Könnten wir die Methanemissionen auf Null senken, würde die Erwärmung rasch enden. Wären wir in der Lage, selbiges für CO₂ zu erreichen, würde sich die Erde trotzdem für eine lange Zeit weiter erwärmen!

Gibt es eine bessere Möglichkeit, Treibhausgase zu vergleichen?
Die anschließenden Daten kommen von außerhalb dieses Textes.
Definition weakly_supersoluble : Prop :=
  exists (n : nat) (I : nat -> B -> Prop), ideal_chain n I /\
    forall i, (i < n)%nat ->
      (quot_infinite_cyclic (I i) (I (S i)) /\ quot_central (I i) (I (S i)))
      \/ quot_prime_order (I i) (I (S i)).

End BraceDefs.

From Stdlib Require Import ZArith Znumtheory List Lia Setoid Morphisms.
Import ListNotations.
Set Implicit Arguments.
Unset Strict Implicit.

(* Each central infinite cyclic factor J/I = <g> of a weakly supersoluble series splits
   into a socle factor and a factor of order 2.  Every [lambda b] acts on J/I as ±1, and the
   elements of J acting trivially form an infinite cyclic K/I generated by h = g or h = 2g.
   Conjugation in (B, ·) preserves K, so it maps h to ±h; comparing this with the formula
   c h c^-1 ≡ lambda c (h + (- d + lambda h d)), d = c^-1, shows that the additive map
   d |-> - d + lambda h d takes only the values 0 and -2h, hence vanishes.  Thus [lambda h]
   and [lambda (2 g)] are trivial modulo I, and I <= I + 2J <= J is the required refinement. *)

Declare Scope brace_scope.

Section Brace.
Variable B : brace.
Lemma aff_span_affine_cancel (T1 T2 : finType) (P : (T1 -> R) -> Prop)
    (A : T2 -> T1 -> R) (c : T2 -> R) (B : T1 -> T2 -> R) (d : T1 -> R) :
  (forall x, P x -> affine_map B d (affine_map A c x) =1 x) ->
  forall x, aff_span P x -> affine_map B d (affine_map A c x) =1 x.
Proof.
move=> inv x [k [p [l [Pp [l1 xE]]]]] s.
rewrite (affine_map_comb _ _ l1 (affine_map_comb _ _ l1 xE)) xE.
by apply: eq_bigr => i _; rewrite inv.
Qed.

End AffineMaps.

Section IntegralEquivalence.
Variable R : archiRealFieldType.

Lemma int_point_affine_map (T1 T2 : finType) (A : T2 -> T1 -> R) (c : T2 -> R) :
  (forall t s, A t s \is a Num.int) -> (forall t, c t \is a Num.int) ->
  forall x, int_point x -> int_point (affine_map A c x).
Proof.
move=> A_int c_int x x_int t; apply/intrP.
rewrite rpredD // rpred_sum // => s _; rewrite rpredM //.
by apply/intrP; exact: x_int.
Qed.

Variables T1 T2 : finType.
Variables (P : (T1 -> R) -> Prop) (Q : (T2 -> R) -> Prop).
Variables (A : T2 -> T1 -> R) (c : T2 -> R) (B : T1 -> T2 -> R) (d : T1 -> R).
Hypotheses (A_int : forall t s, A t s \is a Num.int) (c_int : forall t, c t \is a Num.int).
Hypotheses (B_int : forall s t, B s t \is a Num.int) (d_int : forall s, d s \is a Num.int).
Local Notation Phi := (affine_map A c).
Local Notation Psi := (affine_map B d).
Hypotheses (PQ : forall x, P x -> Q (Phi x)) (QP : forall y, Q y -> P (Psi y)).
Hypotheses (PsiK : forall x, P x -> Psi (Phi x) =1 x).
Hypotheses (PhiK : forall y, Q y -> Phi (Psi y) =1 y).

Lemma integrally_equivalent_affine_inverse : integrally_equivalent P Q.
Proof.
have span x : P x -> aff_span P x.
  move=> Px; exists 1%N, (fun=> x), (fun=> 1).
  by do !split; rewrite // ?big_ord1 // => t; rewrite big_ord1 mul1r.
have Phi_inj x y : aff_span P x -> aff_span P y -> Phi x =1 Phi y -> x =1 y.
  move=> Sx Sy xy s.
  rewrite -(aff_span_affine_cancel PsiK Sx) -(aff_span_affine_cancel PsiK Sy).
  exact: affine_map_ext.
exists A, c; split; [split; [|split] | split; [|split]].
- exact: PQ.
- by move=> x y Px Py; apply: Phi_inj; apply: span.
- by move=> y Qy; exists (Psi y); [exact: QP | exact: PhiK].
- move=> x Sx x_int; split; first exact: aff_span_affine_map PQ _ Sx.
  exact: int_point_affine_map.
- by move=> x y Sx _ Sy _; apply: Phi_inj.
- move=> y Sy y_int; exists (Psi y); last exact: (aff_span_affine_cancel PhiK Sy).
  split; first exact: aff_span_affine_map QP _ Sy.
  exact: int_point_affine_map.
Qed.

End IntegralEquivalence.

Section PrefixSums.
Variables (V : zmodType) (n : nat).

Lemma prefix_sum_rec (F : 'I_n -> V) (i : 'I_n) :
  \sum_(k < n | (k <= i)%N) F k
    = F i + (if val i is i'.+1 then \sum_(k < n | (k <= i')%N) F k else 0).
Proof.
rewrite (bigD1 i) //=; congr (_ + _); case: i => [[|i] lt_in] /=.
  by apply: big_pred0 => k; rewrite -val_eqE /=; lia.
by apply: eq_bigl => k; rewrite -val_eqE /=; lia.
Qed.

Lemma prefix_sumP (D : nat -> V) (r : 'I_n -> V) :
  (forall i : 'I_n, D i - (if val i is i'.+1 then D i' else 0) = r i) <->
  (forall i : 'I_n, D i = \sum_(k < n | (k <= i)%N) r k).
Proof.
split=> H [i lt_in].
  elim: i lt_in => [|i IH] lt_in; rewrite prefix_sum_rec -(H (Ordinal lt_in)) /=.
    by rewrite !subr0 addr0.
  by rewrite -(IH (ltnW lt_in)) subrK.
rewrite H prefix_sum_rec; case: i lt_in => [|i] lt_in /=; first by rewrite !subr0 addr0.
by rewrite (H (Ordinal (ltnW lt_in))) addrK.
Qed.

End PrefixSums.

Lemma sumr_indicator (S : pzSemiRingType) (T : finType) (P : pred T) (F : T -> S) :
  \sum_t (P t)%:R * F t = \sum_(t | P t) F t.
Proof.
by rewrite [RHS]big_mkcond; apply: eq_bigr => t _; case: (P t); rewrite ?mul1r ?mul0r.
Qed.

Section PitmanStanleyFlows.
Variables (R : realFieldType) (n m : nat) (a b : 'I_n -> nat).

Definition hor (s : 'I_n * 'I_m) : edge n m := inl (inl s).
Definition ver (t : 'I_n.-1 * 'I_m.+1) : edge n m := inl (inr t).
Definition sink (t : 'I_m.+1) : edge n m := inr t.

Definition netout (g : edge n m -> R) (v : option ('I_n * 'I_m.+1)) : R :=
  \sum_(e : edge n m | etail e == vertex_of v) g e
  - \sum_(e : edge n m | ehead e == vertex_of v) g e.

Definition restrict_mx (s : 'I_n * 'I_m) (e : edge n m) : R := (e == hor s)%:R.

Local Notation restrict := (affine_map restrict_mx (fun=> 0)).

Lemma restrictE g s : restrict g s = g (hor s).
Proof. by rewrite /affine_map add0r sumr_indicator big_pred1_eq. Qed.

Definition hnet_coef (k c : nat) (s : 'I_n * 'I_m) : R :=
  ((s.1 == k :> nat) && (s.2 == c :> nat))%:R
  - ((s.1 == k :> nat) && (s.2.+1 == c))%:R.

Definition hnet (x : 'I_n * 'I_m -> R) (k c : nat) : R :=
  \sum_s hnet_coef k c s * x s.

Lemma hnetE x k c :
  hnet x k c = \sum_(s : 'I_n * 'I_m | (s.1 == k :> nat) && (s.2 == c :> nat)) x s
             - \sum_(s : 'I_n * 'I_m | (s.1 == k :> nat) && (s.2.+1 == c)) x s.
Proof.
rewrite /hnet /hnet_coef; under eq_bigr do rewrite mulrBl.
by rewrite sumrB !sumr_indicator.
Qed.

Definition vflow_coef (i c : nat) (s : 'I_n * 'I_m) : R :=
  - \sum_(k < n | (k <= i)%N) hnet_coef k c s.

Definition vflow_const (i : nat) (c : 'I_m.+1) : R :=
  \sum_(k < n | (k <= i)%N) netflow R a b (Some (k, c)).

(* Conservation at (0, c), ..., (i, c) forces this flow out of (i, c) downwards. *)
Definition vflow (x : 'I_n * 'I_m -> R) (i : nat) (c : 'I_m.+1) : R :=
  vflow_const i c + \sum_s vflow_coef i c s * x s.

Lemma vflowE x i c :
  vflow x i c = \sum_(k < n | (k <= i)%N) (netflow R a b (Some (k, c)) - hnet x k c).
Proof.
rewrite sumrB /vflow /vflow_const /vflow_coef /hnet; congr (_ + _).
by under eq_bigr do rewrite mulNr mulr_suml; rewrite sumrN exchange_big.
Qed.

Lemma vflow_ext x y i c : x =1 y -> vflow x i c = vflow y i c.
Proof. by move=> xy; rewrite /vflow; under eq_bigr do rewrite xy. Qed.

Definition flow_mx (e : edge n m) (s : 'I_n * 'I_m) : R :=
  match e with
  | inl (inl t) => (s == t)%:R
  | inl (inr (i, c)) => vflow_coef i c s
  | inr c => vflow_coef n.-1 c s
  end.

Definition flow_const (e : edge n m) : R :=
  match e with
  | inl (inl _) => 0
  | inl (inr (i, c)) => vflow_const i c
  | inr c => vflow_const n.-1 c
  end.

Local Notation flow_of := (affine_map flow_mx flow_const).

Lemma flow_of_hor x s : flow_of x (hor s) = x s.
Proof. by rewrite /affine_map add0r sumr_indicator big_pred1_eq. Qed.

Lemma restrict_flow_of x : restrict (flow_of x) =1 x.
Proof. by move=> s; rewrite restrictE flow_of_hor. Qed.

(* The sink edges serve as the vertical edges leaving the last row. *)
Definition down (g : edge n m -> R) (i : nat) (c : 'I_m.+1) : R :=
  \sum_(t : 'I_n.-1 * 'I_m.+1 | (t.1 == i :> nat) && (t.2 == c)) g (ver t)
  + \sum_(t : 'I_m.+1 | (n.-1 == i) && (t == c)) g (sink t).

Lemma down_ver g (i : 'I_n.-1) c : down g i c = g (ver (i, c)).
Proof.
rewrite /down (big_pred1 (i, c)) => [|[i' c'] //].
by rewrite big_pred0 ?addr0 // => t; rewrite gtn_eqF.
Qed.

Lemma down_sink g c : down g n.-1 c = g (sink c).
Proof.
rewrite /down big_pred0 => [|t]; last by rewrite ltn_eqF.
by rewrite eqxx add0r big_pred1_eq.
Qed.

Lemma down_flow_of x (i : 'I_n) c : down (flow_of x) i c = vflow x i c.
Proof.
case: (ltnP i n.-1) => [lt_i | le_i]; first exact: (down_ver _ (Ordinal lt_i)).
have -> : i = n.-1 :> nat by move: (ltn_ord i); lia.
exact: down_sink.
Qed.

Lemma down_ge0 g i c : (forall e, 0 <= g e) -> 0 <= down g i c.
Proof. by move=> g_ge0; rewrite addr_ge0 // sumr_ge0. Qed.

Lemma sum_tail g (i : 'I_n) c :
  \sum_(e : edge n m | etail e == vertex_of (Some (i, c))) g e
    = \sum_(s : 'I_n * 'I_m | (s.1 == i :> nat) && (s.2 == c :> nat)) g (hor s)
      + down g i c.
Proof. by rewrite /edge !big_sumType addrA; congr (_ + _ + _); apply: eq_bigl => -[]. Qed.

Lemma sum_head g (i : 'I_n) c :
  \sum_(e : edge n m | ehead e == vertex_of (Some (i, c))) g e
    = \sum_(s : 'I_n * 'I_m | (s.1 == i :> nat) && (s.2.+1 == c)) g (hor s)
      + (if val i is i'.+1 then down g i' c else 0).
Proof.
rewrite /edge !big_sumType [X in _ + X = _]big_pred0 // addr0.
congr (_ + _); first by apply: eq_bigl => -[].
case: i => [[|i] lt_in] /=; first by apply: big_pred0 => -[].
rewrite /down [X in _ = _ + X]big_pred0 ?addr0 => [|t]; last first.
  by have -> : (n.-1 == i) = false by apply/eqP; lia.
by apply: eq_bigl => -[].
Qed.

Lemma netout_vertex g (i : 'I_n) c :
  netout g (Some (i, c))
    = hnet (restrict g) i c + (down g i c - (if val i is i'.+1 then down g i' c else 0)).
Proof.
rewrite /netout sum_tail sum_head opprD addrACA hnetE.
by congr (_ - _ + _); apply: eq_bigr => s _; rewrite restrictE.
Qed.

Lemma conservation_downP g (c : 'I_m.+1) :
  (forall i : 'I_n, netout g (Some (i, c)) = netflow R a b (Some (i, c))) <->
  (forall i : 'I_n, down g i c = vflow (restrict g) i c).
Proof.
transitivity (forall i : 'I_n, down g i c - (if val i is i'.+1 then down g i' c else 0)
                = netflow R a b (Some (i, c)) - hnet (restrict g) i c).
  split=> H i; first by move: (H i); rewrite netout_vertex => <-; rewrite [RHS]addrC addKr.
  by rewrite netout_vertex H addrC subrK.
rewrite prefix_sumP.
by split=> H i; rewrite H vflowE.
Qed.

Hypothesis m_gt0 : (0 < m)%N.

Lemma netflow_vertex (k : 'I_n) (c : 'I_m.+1) :
  netflow R a b (Some (k, c)) = (c == 0 :> nat)%:R * (a k)%:R - (c == m :> nat)%:R * (b k)%:R.
Proof.
case: c => [[|c] lt_c] /=; first by rewrite ltn_eqF // mul1r mul0r subr0.
by case: (c.+1 == m); rewrite /= ?mul0r ?mul1r ?sub0r ?subr0 ?oppr0.
Qed.

Definition colsum (x : 'I_n * 'I_m -> R) (i c : nat) : R :=
  \sum_(s : 'I_n * 'I_m | (s.1 <= i)%N && (s.2 == c :> nat)) x s.

Lemma sum_rows_le (F : 'I_n * 'I_m -> R) (Q : pred ('I_n * 'I_m)) (i : nat) :
  \sum_(k < n | (k <= i)%N) \sum_(s : 'I_n * 'I_m | (s.1 == k :> nat) && Q s) F s
    = \sum_(s : 'I_n * 'I_m | (s.1 <= i)%N && Q s) F s.
Proof.
rewrite [RHS](partition_big (fun s => s.1) (fun k : 'I_n => (k <= i)%N)) => [|s /andP[] //].
apply: eq_bigr => k le_ki; apply: eq_bigl => s.
case: (eqVneq s.1 k) => [->|/negbTE ne]; first by rewrite eqxx le_ki andbT.
by rewrite andbF (ne : (s.1 == k :> nat) = false).
Qed.

Lemma psum_colsum x (i : 'I_n) (j : 'I_m) : psum x i j = colsum x i j.
Proof.
rewrite /colsum -(sum_rows_le _ (fun s => s.2 == j :> nat)).
by apply: eq_bigr => k _; rewrite (big_pred1 (k, j)) // => -[].
Qed.

Lemma colsum_out x i c : (m <= c)%N -> colsum x i c = 0.
Proof.
by move=> le_mc; apply: big_pred0 => s; rewrite ltn_eqF ?andbF // (leq_trans _ le_mc).
Qed.

Lemma vflow_colsum x (i : 'I_n) (c : 'I_m.+1) :
  vflow x i c = (c == 0 :> nat)%:R * natsum R a i - (c == m :> nat)%:R * natsum R b i
                - (colsum x i c - if val c is c'.+1 then colsum x i c' else 0).
Proof.
rewrite vflowE sumrB.
under eq_bigr do rewrite netflow_vertex.
under [X in _ - X]eq_bigr do rewrite hnetE.
rewrite !sumrB -!mulr_sumr /natsum !natr_sum.
rewrite (sum_rows_le _ (fun s => s.2 == c :> nat)).
rewrite (sum_rows_le _ (fun s => s.2.+1 == c)).
have -> : \sum_(s : 'I_n * 'I_m | (s.1 <= i)%N && (s.2.+1 == c)) x s
          = if val c is c'.+1 then colsum x i c' else 0.
  by case: c => [[|c] lt_c]; [apply: big_pred0 => s; rewrite andbF | apply: eq_bigl].
by [].
Qed.

Lemma vflow_first x (i : 'I_n) (c : 'I_m.+1) :
  c = 0 :> nat -> vflow x i c = natsum R a i - psum x i (Ordinal m_gt0).
Proof.
case: c => c lt_c /= c0; subst c.
by rewrite vflow_colsum psum_colsum /= ltn_eqF // mul1r mul0r !subr0.
Qed.

Lemma vflow_mid x (i : 'I_n) (c : 'I_m.+1) (j j' : 'I_m) :
  j'.+1 = j -> c = j :> nat -> vflow x i c = psum x i j' - psum x i j.
Proof.
case: c => c lt_c jj' /= cj; have {cj} cj' : c = j'.+1 by rewrite cj jj'.
subst c; rewrite vflow_colsum !psum_colsum /= jj' (ltn_eqF (ltn_ord j)).
by rewrite !mul0r subr0 sub0r opprB.
Qed.

Lemma vflow_last x (i : 'I_n) (c : 'I_m.+1) (j : 'I_m) :
  j.+1 = m -> c = m :> nat -> vflow x i c = psum x i j - natsum R b i.
Proof.
case: c => c lt_c jm /= cm; have {cm} cj : c = j.+1 by rewrite cm jm.
subst c; rewrite vflow_colsum psum_colsum /= jm eqxx colsum_out //.
by rewrite mul0r mul1r !sub0r opprK addrC.
Qed.

Lemma PS_iff_vflow_ge0 x :
  PS a b x <-> (forall s, 0 <= x s) /\ (forall (i : 'I_n) (c : 'I_m.+1), 0 <= vflow x i c).
Proof.
split=> -[x_ge0 H]; split=> // i.
  have [lbB [mono ubA]] := H i; case=> -[|c] lt_c.
    by rewrite vflow_first // subr_ge0; exact: ubA.
  have lt_cm : (c < m)%N by [].
  case: (ltnP c.+1 m) => [lt_c1 | ge_c1].
    by rewrite (@vflow_mid _ _ _ (Ordinal lt_c1) (Ordinal lt_cm)) // subr_ge0; exact: mono.
  have cm : c.+1 = m by lia.
  by rewrite (@vflow_last _ _ _ (Ordinal lt_cm)) // subr_ge0; apply: lbB.
split; [move=> j jm | split=> [j j' jj' | j j0]].
- by have := H i ord_max; rewrite (vflow_last _ _ jm) // subr_ge0.
- by have := H i (widen_ord (leqnSn m) j); rewrite (vflow_mid _ _ jj') // subr_ge0.
- have -> : j = Ordinal m_gt0 by apply: val_inj.
  by have := H i ord0; rewrite vflow_first // subr_ge0.
Qed.

Lemma netout_sink g : netout g None = - \sum_c g (sink c).
Proof.
rewrite /netout /edge !big_sumType 5?big_pred0; try by case.
by rewrite /= !add0r.
Qed.

Hypothesis n_gt0 : (0 < n)%N.

Lemma natsum_last (d : 'I_n -> nat) (lt_last : (n.-1 < n)%N) :
  natsum R d (Ordinal lt_last) = \sum_i (d i)%:R.
Proof. by rewrite /natsum natr_sum; apply: eq_bigl => k /=; have := ltn_ord k; lia. Qed.

Lemma sum_vflow_last x : \sum_c vflow x n.-1 c = \sum_i (a i)%:R - \sum_i (b i)%:R.
Proof.
have lt_last : (n.-1 < n)%N by rewrite ltn_predL.
rewrite (eq_bigr _ (fun c _ => vflow_colsum x (Ordinal lt_last) c)) 2!sumrB !natsum_last.
pose F k := if k is k'.+1 then colsum x n.-1 k' else 0.
have -> : \sum_(c < m.+1) (F c.+1 - F c) = 0.
  by rewrite -(big_mkord xpredT (fun k => F k.+1 - F k)) telescope_sumr // /F colsum_out ?subr0.
by rewrite !sumr_indicator (big_pred1 ord0) // (big_pred1 ord_max) // subr0.
Qed.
Jede Maßzahl, die die Langzeitwirkungen korrekt abbildet, könnte irreführend für kurze Zeitspannen sein. Selbiges gilt natürlich auch umgekehrt. Ein zeitveränderlicher Indikator könnte Abhilfe verschaffen. Dies würde jedoch zu einer höheren Komplexität sowie zusätzlichen Unsicherheiten führen.

Fazit

Menschen, die Treibhausgase in die Atmosphäre freisetzen, verursachen einen rapiden Klimawandel. Wir haben verschiedene Treibhausgase und deren jeweiligen Beitrag zur Erderwärmung untersucht.

In den nächsten Kapiteln schauen wir uns an, woher diese Emissionen kommen.